Chronic kidney disease (CKD) is a complex, progressive condition that develops slowly in some individuals, but rapidly in others. In addition to the underlying cause of renal failure, the rate of disease progression may be dictated by the presence of CKD risk factors. The principal outcomes of CKD include progressive loss of kidney function leading to end-stage renal disease (ESRD) and the development and progression of cardiovascular disease (CVD).
Chronic kidney disease (CKD) is a complex, progressive condition that develops slowly in some individuals, but rapidly in others. In addition to the underlying cause of renal failure, the rate of disease progression may be dictated by the presence of CKD risk factors. The principal outcomes of CKD include progressive loss of kidney function leading to end-stage renal disease (ESRD) and the development and progression of cardiovascular disease (CVD).
CKD is a major cause of cardiovascular morbidity and mortality and is considered a significant public health problem that places a burden on global healthcare resources. Notably, the incidence and prevalence of CKD have shown a dramatic increase over the past two decades. It was recently estimated that 11% of adults (19.2 million) in the US alone have early CKD that may progress to ESRD and require renal replacement therapy (RRT), such as dialysis or transplantation. Based on the US Renal Data System (USRDS), a national system that collects, analyses and distributes information about ESRD, it is estimated that the number of individuals receiving RRT will rise to more than 600,000 by 2010.

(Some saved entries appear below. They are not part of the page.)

(* Let $G$ be a finite, simple, connected graph and let $C$ be a cycle of length $l \geq 3$ in $G$. Let $W^+(G)$ be the graph obtained from $G$ by adding a new vertex $x$ and joining $x$ by an edge to every vertex of $C$. Then $$\chi_{dd}(G)-l \leq \chi_{dd}(W^+(G)) \leq \chi_{dd}(G) + 1.$$
   Context: All graphs are finite, undirected and simple. For a vertex $w$, $N(w)$ is its open neighborhood and $N[w]=N(w)\cup\{w\}$ its closed neighborhood. A vertex $w$ dominates a set $S$ of vertices if $S \subseteq N[w]$. A domination coloring of a graph $H$ is a proper vertex coloring of $H$ (adjacent vertices receive different colors; a color class is the set of all vertices receiving a given color) such that every vertex of $H$ dominates at least one color class (possibly its own class), and every color class is dominated by at least one vertex of $H$. The domination chromatic number $\chi_{dd}(H)$ is the minimum number of color classes in a domination coloring of $H$. *)

From mathcomp Require Import all_boot.
Set Implicit Arguments. Unset Strict Implicit. Unset Printing Implicit Defensive.

Section DomColoring.
Variable T : finType.
Variable e : rel T.

Definition cnbhd (w : T) : {set T} := [set v | (v == w) || e w v].

Definition dominates (w : T) (A : {set T}) : bool := A \subset cnbhd w.

Definition independent (A : {set T}) : bool :=
  [forall u in A, forall v in A, ~~ e u v].

Definition dom_coloring (P : {set {set T}}) : bool :=
  [&& partition P [set: T],
      [forall A in P, independent A],
      [forall w, exists A in P, dominates w A] &
      [forall A in P, exists w, dominates w A]].

(* minimum number of color classes of a domination coloring; the default
   #|T| is attained by the coloring with singleton classes in a simple graph *)
Definition chi_dd : nat :=
  \big[minn/#|T|]_(P : {set {set T}} | dom_coloring P) #|P|.
End DomColoring.

Definition simple_graph (T : finType) (e : rel T) : Prop :=
  symmetric e /\ irreflexive e.

Definition connected_graph (T : finType) (e : rel T) : Prop :=
  forall u v, connect e u v.

Definition is_graph_cycle (T : finType) (e : rel T) (c : seq T) : Prop :=
  [/\ uniq c, 3 <= size c & cycle e c].

(* W^+(G): new vertex x = None joined to every vertex of the cycle c *)
Definition wplus (T : finType) (e : rel T) (c : seq T) : rel (option T) :=
  fun a b => match a, b with
             | Some u, Some v => e u v
             | None, Some v => v \in c
             | Some u, None => u \in c
             | None, None => false
             end.

From mathcomp Require Import all_boot.

Set Implicit Arguments. Unset Strict Implicit. Unset Printing Implicit Defensive.

(* A domination coloring P of G yields one of W^+(G) by adding the class {x}:
   x dominates {x}, and the old classes and dominations are untouched.
   Conversely, from a domination coloring Q of W^+(G), delete x and split off
   the l cycle vertices as singleton classes.  What remains of each class is
   still dominated by a vertex of G, since a dominator of a class meeting
   V(G) \ V(C) cannot be x; and a vertex w off the cycle dominates a class A
   of Q not containing x (x is not adjacent to w), so w dominates either the
   trace of A off the cycle or, if that trace is empty, a singleton {v} with
   v in A on the cycle.  This costs at most l extra classes. *)

Lemma bigminn_le (I : finType) (P : pred I) (F : I -> nat) (x0 : nat) (i : I) :
  P i -> \big[minn/x0]_(j | P j) F j <= F i.
Proof.
move=> Pi; have : i \in index_enum I by rewrite mem_index_enum.
elim: (index_enum I) => // j r IHr; rewrite inE big_cons => /predU1P[<-|ri].
  by rewrite Pi geq_minl.
by case: ifP => _; [apply: leq_trans (geq_minr _ _) _|]; exact: IHr.
Qed.

Lemma card_partition_le (T : finType) (P : {set {set T}}) (D : {set T}) :
  partition P D -> #|P| <= #|D|.
Proof.
move=> partP; rewrite (card_partition partP) -sum1_card.
by apply: leq_sum => A PA; rewrite card_gt0 (partition_neq0 partP PA).
Qed.

Lemma partition_setT (T : finType) (P : {set {set T}}) :
  set0 \notin P -> (forall x, exists2 A, A \in P & x \in A) ->
  (forall A B x, A \in P -> B \in P -> x \in A -> x \in B -> A = B) ->
  partition P [set: T].
Proof.
move=> P_neq0 P_cover P_disj; apply/and3P; split => //.
- apply/eqP/setP => x; rewrite inE; apply/bigcupP.
  by have [A PA xA] := P_cover x; exists A.
- apply/trivIsetP => A B PA PB neqAB; apply/pred0P => x /=.
  by apply/andP => -[xA xB]; move/eqP: neqAB; apply; apply: (P_disj _ _ x).
Qed.

Section DominationColorings.
Variables (T : finType) (e : rel T).

Lemma independentP (A : {set T}) :
  reflect {in A &, forall u v, ~~ e u v} (independent e A).
Proof.
apply: (iffP forall_inP) => [indA u v uA vA | indA u uA].
  by move/forall_inP/(_ v vA): (indA u uA).
by apply/forall_inP => v vA; apply: indA.
Qed.

Lemma independent1 (u : T) : irreflexive e -> independent e [set u].
Proof.
by move=> irr_e; apply/independentP => x y /set1P-> /set1P->; rewrite irr_e.
Qed.

Lemma dominates1 (w : T) : dominates e w [set w].
Proof. by rewrite /dominates sub1set inE eqxx. Qed.

Lemma dom_coloringP (P : {set {set T}}) :
  reflect [/\ partition P [set: T], {in P, forall A, independent e A},
              (forall w, exists2 A, A \in P & dominates e w A) &
              {in P, forall A, exists w, dominates e w A}]
          (dom_coloring e P).
Proof.
apply: (iffP and4P) => -[partP indP domw domA]; split => //.
- exact/forall_inP.
- by move=> w; have /exists_inP[A] := forallP domw w; exists A.
- by move=> A /(forall_inP domA)/existsP.
- exact/forall_inP.
- by apply/forallP => w; have [A PA wA] := domw w; apply/exists_inP; exists A.
- by apply/forall_inP => A /domA /existsP.
Qed.

Lemma chi_dd_le_coloring (P : {set {set T}}) :
  dom_coloring e P -> chi_dd e <= #|P|.
Proof. exact: bigminn_le. Qed.

Lemma chi_dd_le_card : chi_dd e <= #|T|.
Proof.
apply: (big_ind (fun n => n <= #|T|)) => // [m n|P /and4P[partP _ _ _]].
  by move=> le_m _; apply: leq_trans (geq_minl _ _) le_m.
by rewrite -cardsT card_partition_le.
Qed.

End DominationColorings.

Lemma chi_dd_le_transfer (T T' : finType) (e : rel T) (e' : rel T') (k : nat) :
  #|T'| <= #|T| + k ->
  (forall P, dom_coloring e P ->
     exists2 P', dom_coloring e' P' & #|P'| <= #|P| + k) ->
  chi_dd e' <= chi_dd e + k.
Proof.
move=> le_card transfer; apply: (big_ind (fun n => chi_dd e' <= n + k)).
- exact: leq_trans (chi_dd_le_card e') le_card.
- by move=> m n; rewrite /minn; case: ifP.
- move=> P /transfer[P' /chi_dd_le_coloring le_P' le_card_P'].
  exact: leq_trans le_P' le_card_P'.
Qed.

Section WPlus.
Variables (T : finType) (e : rel T) (c : seq T).
Local Notation W := (wplus e c).

Lemma dominates_wplus_Some (w : T) (A : {set T}) :
  dominates W (Some w) (Some @: A) = dominates e w A.
Proof.
by rewrite /dominates sub_imset_pre; apply: eq_subset_r => v; rewrite !inE.
Qed.

Definition wplus_extend (P : {set {set T}}) : {set {set option T}} :=
  [set None] |: [set Some @: (A : {set T}) | A in P].

Lemma card_wplus_extend (P : {set {set T}}) : #|wplus_extend P| <= #|P| + 1.
Proof. by rewrite cardsU1 addnC leq_add ?leq_b1 ?leq_imset_card. Qed.

Lemma wplus_extend_dom_coloring (P : {set {set T}}) :
  dom_coloring e P -> dom_coloring W (wplus_extend P).
Proof.
case/dom_coloringP => partP indP domw domA; apply/dom_coloringP; split.
- have -> : [set: option T] = [set None] :|: Some @: [set: T].
    by apply/setP => -[v|]; rewrite !inE ?imset_f.
  apply: partitionU1.
  + by rewrite imset_partition //; apply: Some_inj.
  + by apply/set0Pn; exists None; rewrite inE.
  + by rewrite disjoints1; apply/imsetP => -[].
- move=> _ /setU1P[-> | /imsetP[A PA ->]].
    by apply/independentP => _ _ /set1P-> /set1P->.
  apply/independentP => _ _ /imsetP[u uA ->] /imsetP[v vA ->].
  exact: (independentP _ _ (indP A PA)).
- case=> [w|]; last by exists [set None]; rewrite ?setU11 ?dominates1.
  have [A PA wA] := domw w; exists (Some @: A).
    by rewrite setU1r ?imset_f.
  by rewrite dominates_wplus_Some.
- move=> _ /setU1P[-> | /imsetP[A PA ->]].
    by exists None; apply: dominates1.
  by have [w wA] := domA A PA; exists (Some w); rewrite dominates_wplus_Some.
Qed.

Definition wplus_trace (A : {set option T}) : {set T} :=
  [set v | (Some v \in A) && (v \notin c)].

Definition wplus_restrict (Q : {set {set option T}}) : {set {set T}} :=
  ([set wplus_trace A | A in Q] :\ set0) :|: [set [set v] | v in c].

Lemma mem_wplus_restrict_trace (Q : {set {set option T}}) (A : {set option T}) :
  A \in Q -> wplus_trace A != set0 -> wplus_trace A \in wplus_restrict Q.
Proof. by move=> QA n0; rewrite in_setU in_setD1 n0 imset_f. Qed.

Lemma mem_wplus_restrict1 (Q : {set {set option T}}) (u : T) :
  u \in c -> [set u] \in wplus_restrict Q.
Proof. by move=> uc; rewrite in_setU imset_f ?orbT. Qed.

Lemma card_wplus_restrict (Q : {set {set option T}}) :
  #|wplus_restrict Q| <= #|Q| + size c.
Proof.
apply: leq_trans (leq_card_setU _ _) (leq_add _ _).
- exact: leq_trans (subset_leq_card (subD1set _ _)) (leq_imset_card _ _).
- exact: leq_trans (leq_imset_card _ _) (card_size c).
Qed.

Lemma independent_wplus_trace (A : {set option T}) :
  independent W A -> independent e (wplus_trace A).
Proof.
move/independentP => indA; apply/independentP => u v.
by rewrite !inE => /andP[uA _] /andP[vA _]; apply: (indA _ _ uA vA).
Qed.

Lemma dominates_wplus_trace (w : T) (A : {set option T}) :
  dominates W (Some w) A -> dominates e w (wplus_trace A).
Proof.
move/subsetP => domA; apply/subsetP => v; rewrite inE => /andP[/domA].
by rewrite !inE.
Qed.

Lemma wplus_trace_None (A : {set option T}) :
  dominates W None A -> wplus_trace A = set0.
Proof.
move/subsetP => domA; apply/setP => v; rewrite !inE.
by apply/andP => -[/domA]; rewrite !inE /= => ->.
Qed.

Lemma wplus_restrict_partition (Q : {set {set option T}}) :
  partition Q [set: option T] -> partition (wplus_restrict Q) [set: T].
Proof.
move=> partQ; have trivQ := partition_trivIset partQ.
apply: partition_setT.
- apply/negP => /setUP[/setD1P[/eqP] //|/imsetP[u _ /esym/eqP]].
  by rewrite -cards_eq0 cards1.
- move=> v; case vc: (v \in c).
    by exists [set v]; rewrite ?mem_wplus_restrict1 ?set11.
  set A := pblock Q (Some v).
  have QA : A \in Q by rewrite pblock_mem // (cover_partition partQ).
  have vA : v \in wplus_trace A.
    by rewrite !inE vc mem_pblock (cover_partition partQ) inE.
  exists (wplus_trace A) => //; apply: mem_wplus_restrict_trace => //.
  by apply/set0Pn; exists v.
- move=> _ _ v /setUP[/setD1P[_ /imsetP[A QA ->]]|/imsetP[u uc ->]]
               /setUP[/setD1P[_ /imsetP[B QB ->]]|/imsetP[u' uc' ->]];
    rewrite !inE.
  + move=> /andP[vA _] /andP[vB _].
    by rewrite -(def_pblock trivQ QA vA) (def_pblock trivQ QB vB).
  + by move=> /andP[_ /negP vc] /eqP vu; rewrite vu in vc.
  + by move=> /eqP vu /andP[_ /negP vc]; rewrite vu in vc.
  + by move=> /eqP-> /eqP->.
Qed.

Lemma wplus_restrict_dom_coloring (Q : {set {set option T}}) :
  irreflexive e -> dom_coloring W Q -> dom_coloring e (wplus_restrict Q).
Proof.
move=> irr_e /dom_coloringP[partQ indQ domw domA].
apply/dom_coloringP; split; first exact: wplus_restrict_partition.
- move=> _ /setUP[/setD1P[_ /imsetP[A QA ->]]|/imsetP[u _ ->]].
    exact/independent_wplus_trace/indQ.
  exact: independent1.
- move=> w; case wc: (w \in c).
    by exists [set w]; rewrite ?mem_wplus_restrict1 ?dominates1.
  have [A QA domwA] := domw (Some w).
  have [trace0|n0] := eqVneq (wplus_trace A) set0; last first.
    exists (wplus_trace A); first exact: mem_wplus_restrict_trace.
    exact: dominates_wplus_trace.
  have /set0Pn[[v|] vA] := partition_neq0 partQ QA; last first.
    by move/subsetP/(_ _ vA): domwA; rewrite !inE /= wc.
  have vc : v \in c.
    by apply/negPn/negP => vc; move/setP/(_ v): trace0; rewrite !inE vA vc.
  exists [set v]; rewrite ?mem_wplus_restrict1 // /dominates sub1set.
  by move/subsetP/(_ _ vA): domwA; rewrite !inE.
- move=> B /setUP[/setD1P[n0 /imsetP[A QA defB]]|/imsetP[u _ ->]]; last first.
    by exists u; apply: dominates1.
  have [[w|] domwA] := domA A QA.
    by exists w; rewrite defB dominates_wplus_trace.
  by rewrite defB (wplus_trace_None domwA) eqxx in n0.
Qed.

End WPlus.

Theorem theorem6 (T : finType) (e : rel T) (c : seq T) :
  simple_graph e -> connected_graph e -> is_graph_cycle e c ->
  chi_dd e - size c <= chi_dd (wplus e c) <= chi_dd e + 1.
Proof.
move=> [_ irr_e] _ _; apply/andP; split.
- rewrite leq_subLR addnC; apply: chi_dd_le_transfer => [|Q domQ].
    by rewrite card_option (leq_trans (leqnSn _)) ?leq_addr.
  exists (wplus_restrict c Q); last exact: card_wplus_restrict.
  exact: wplus_restrict_dom_coloring.
- apply: chi_dd_le_transfer => [|P domP]; first by rewrite card_option addn1.
  exists (wplus_extend P); last exact: card_wplus_extend.
  exact: wplus_extend_dom_coloring.
Qed.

The observation that small reductions in the decline in renal function early in the disease process can provide marked benefits later, in terms of delaying progression to RRT, suggests that substantial benefits can be gained from the early identification and treatment of individuals at risk. In order to develop effective strategies to identify such individuals and delay or prevent disease progression, a comprehensive understanding of the complex interplay between risk factors influencing the disease process is required.
Risk Factors for CKD Progression
A number of primary non-modifiable risk factors for the progression of CKD have been identified, including age, ethnicity, gender and family history. Age was found to be a key predictor of CKD prevalence during an analysis of data from a subpopulation of 15,625 individuals enrolled in the third National Health and Nutrition Examination Survey (NHANES III). This analysis confirmed the frequent occurrence of CKD but also showed that there was a progressive decrease in glomerular filtration rate (GFR) with increasing age. In particular, 10.8% of individuals older than 65 years, but with no evidence of hypertension or diabetes, had CKD stage III or more, confirming age as a key predictor of CKD prevalence.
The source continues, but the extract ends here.